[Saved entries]
(* For $i\in\{0,1,\dots,m\}$ let $q_i(y)=y^\top A_iy+2b_i^\top y+c_i$ with $A_i\in\mathbb{S}^{n-1}$, $b_i\in\mathbb{R}^{n-1}$, $c_i\in\mathbb{R}$. For $i\in\{1,\dots,m\}$ let $M_i=\begin{pmatrix}c_i & b_i^\top\\ b_i & A_i\end{pmatrix}$, $\mathcal{M}=\{M_1,\dots,M_m\}$, and $\mathcal{Y}=\{y\in\mathbb{R}^{n-1}:q_i(y)\ge0\ \forall i\in\{1,\dots,m\}\}$. Suppose there exists $\lambda^*\in\mathbb{R}^m_+$ such that $A_0-\sum_{i=1}^m\lambda^*_iA_i$ is positive semidefinite. If $\mathcal{S}(\mathcal{M})$ is rank-one generated, then the closed convex hull of $\mathrm{epi}=\{(y,t)\in\mathbb{R}^{n-1}\times\mathbb{R}: q_0(y)\le t,\ y\in\mathcal{Y}\}$ is $$\mathrm{clconv}(\mathrm{epi})=\mathrm{cl}\left(\left\{(y,t):\ \exists\,Y\succeq yy^\top,\ \langle A_0,Y\rangle+2\langle b_0,y\rangle+c_0\le t,\ \langle A_i,Y\rangle+2\langle b_i,y\rangle+c_i\ge0\ \forall i\in\{1,\dots,m\}\right\}\right).$$
   Context: $\mathbb{S}^n$ denotes real symmetric $n\times n$ matrices with $\langle A,B\rangle=\mathrm{tr}(AB)$, $\mathbb{S}^n_+$ the PSD cone, $Y\succeq Z$ means $Y-Z$ is PSD, $\mathrm{cl}$ is closure and $\mathrm{clconv}$ closed convex hull. For $\mathcal{M}\subseteq\mathbb{S}^n$, $\mathcal{S}(\mathcal{M})=\{X\in\mathbb{S}^n_+:\langle M,X\rangle\ge0\ \forall M\in\mathcal{M}\}$. A closed convex cone $\mathcal{S}\subseteq\mathbb{S}^n_+$ is rank-one generated (ROG) if $\mathcal{S}=\mathrm{conv}(\mathcal{S}\cap\{xx^\top:x\in\mathbb{R}^n\})$. *)

From HB Require Import structures.
From mathcomp Require Import all_boot all_order all_algebra.
From mathcomp Require Import all_classical all_reals all_analysis.
Set Implicit Arguments. Unset Strict Implicit. Unset Printing Implicit Defensive.
Import Order.TTheory GRing.Theory Num.Theory.
Import numFieldNormedType.Exports.
Local Open Scope classical_set_scope.
Local Open Scope ring_scope.

Definition psd {R : realType} {n : nat} (X : 'M[R]_n) : Prop :=
  X^T = X /\ forall x : 'cV[R]_n, 0 <= (x^T *m X *m x) 0 0.

Definition minner {R : realType} {n : nat} (A B : 'M[R]_n) : R := \tr (A *m B).

Definition SM {R : realType} {n m : nat} (M : 'I_m -> 'M[R]_n) : set 'M[R]_n :=
  [set X | psd X /\ forall i, 0 <= minner (M i) X].

Definition convhull {R : realType} {V : lmodType R} (E : set V) : set V :=
  [set x | exists (k : nat) (w : 'I_k -> R) (p : 'I_k -> V),
     (forall i, 0 <= w i) /\ \sum_i w i = 1 /\ (forall i, E (p i)) /\
     x = \sum_i w i *: p i].

Definition ROG {R : realType} {n : nat} (S : set 'M[R]_n) : Prop :=
  S = convhull (S `&` [set X | exists x : 'cV[R]_n, X = x *m x^T]).

Definition quad {R : realType} {d : nat} (A : 'M[R]_d) (b : 'cV[R]_d) (c : R)
  (y : 'cV[R]_d) : R := (y^T *m A *m y) 0 0 + 2 * (b^T *m y) 0 0 + c.

Definition homog {R : realType} {d : nat} (A : 'M[R]_d) (b : 'cV[R]_d) (c : R)
  : 'M[R]_(1 + d) := block_mx (c%:M : 'M[R]_1) b^T b A.

From HB Require Import structures.
From mathcomp Require Import all_boot all_order all_algebra.
From mathcomp Require Import all_classical all_reals all_analysis.
From mathcomp Require Import ring lra.
Import Order.TTheory GRing.Theory Num.Theory.
Import numFieldNormedType.Exports.
Local Open Scope classical_set_scope.
Local Open Scope ring_scope.

(* Lift a point (y, t) of the relaxation, with its matrix Y, to
   X = [[1, y^T]; [y, Y]] in S(M).  Rank-one generation writes
   X = sum_j w_j x_j x_j^T with x_j = (s_j, z_j) satisfying the homogenized
   constraints.  The components with s_j <> 0 dehomogenize to feasible points
   z_j / s_j, with weights w_j s_j^2 summing to 1 and averaging to y; those with
   s_j = 0 are recession directions, on which q_0 >= 0 because of lambda*, so
   dropping them only lowers the objective and the remaining slack goes into t.
   Conversely, the second-moment matrix of a convex combination dominates the
   outer product of its mean.  Hence conv(epi) equals the relaxation even
   before taking closures. *)

Section QuadraticForms.
Context {R : realType}.

Definition qform {n} (M : 'M[R]_n) (z : 'cV[R]_n) : R := (z^T *m M *m z) 0 0.

Lemma mulmx11 (P Q : 'M[R]_1) : (P *m Q) 0 0 = P 0 0 * Q 0 0.
Proof. by rewrite mxE big_ord1. Qed.

Lemma dotmxC n (u v : 'cV[R]_n) : (u^T *m v) 0 0 = (v^T *m u) 0 0.
Proof. by rewrite -[u^T *m v]trmxK trmx_mul trmxK [LHS]mxE. Qed.

Lemma dotmx_sumZ n (u : 'cV[R]_n) k (w : 'I_k -> R) (v : 'I_k -> 'cV[R]_n) :
  (u^T *m \sum_j w j *: v j) 0 0 = \sum_j w j * (u^T *m v j) 0 0.
Proof.
by rewrite mulmx_sumr summxE; apply: eq_bigr => j _; rewrite -scalemxAr mxE.
Qed.

Lemma qformB n (M N : 'M[R]_n) z : qform (M - N) z = qform M z - qform N z.
Proof. by rewrite /qform mulmxBr mulmxBl !mxE. Qed.

Lemma qform_sumZ n k (w : 'I_k -> R) (M : 'I_k -> 'M[R]_n) z :
  qform (\sum_j w j *: M j) z = \sum_j w j * qform (M j) z.
Proof.
rewrite /qform mulmx_sumr mulmx_suml summxE; apply: eq_bigr => j _.
by rewrite -scalemxAr -scalemxAl mxE.
Qed.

## PROBLEM REQUIREMENTS:
Only the number should be given: how many lines of the data contain the word "Prop"?

## WRITTEN ANSWER:
2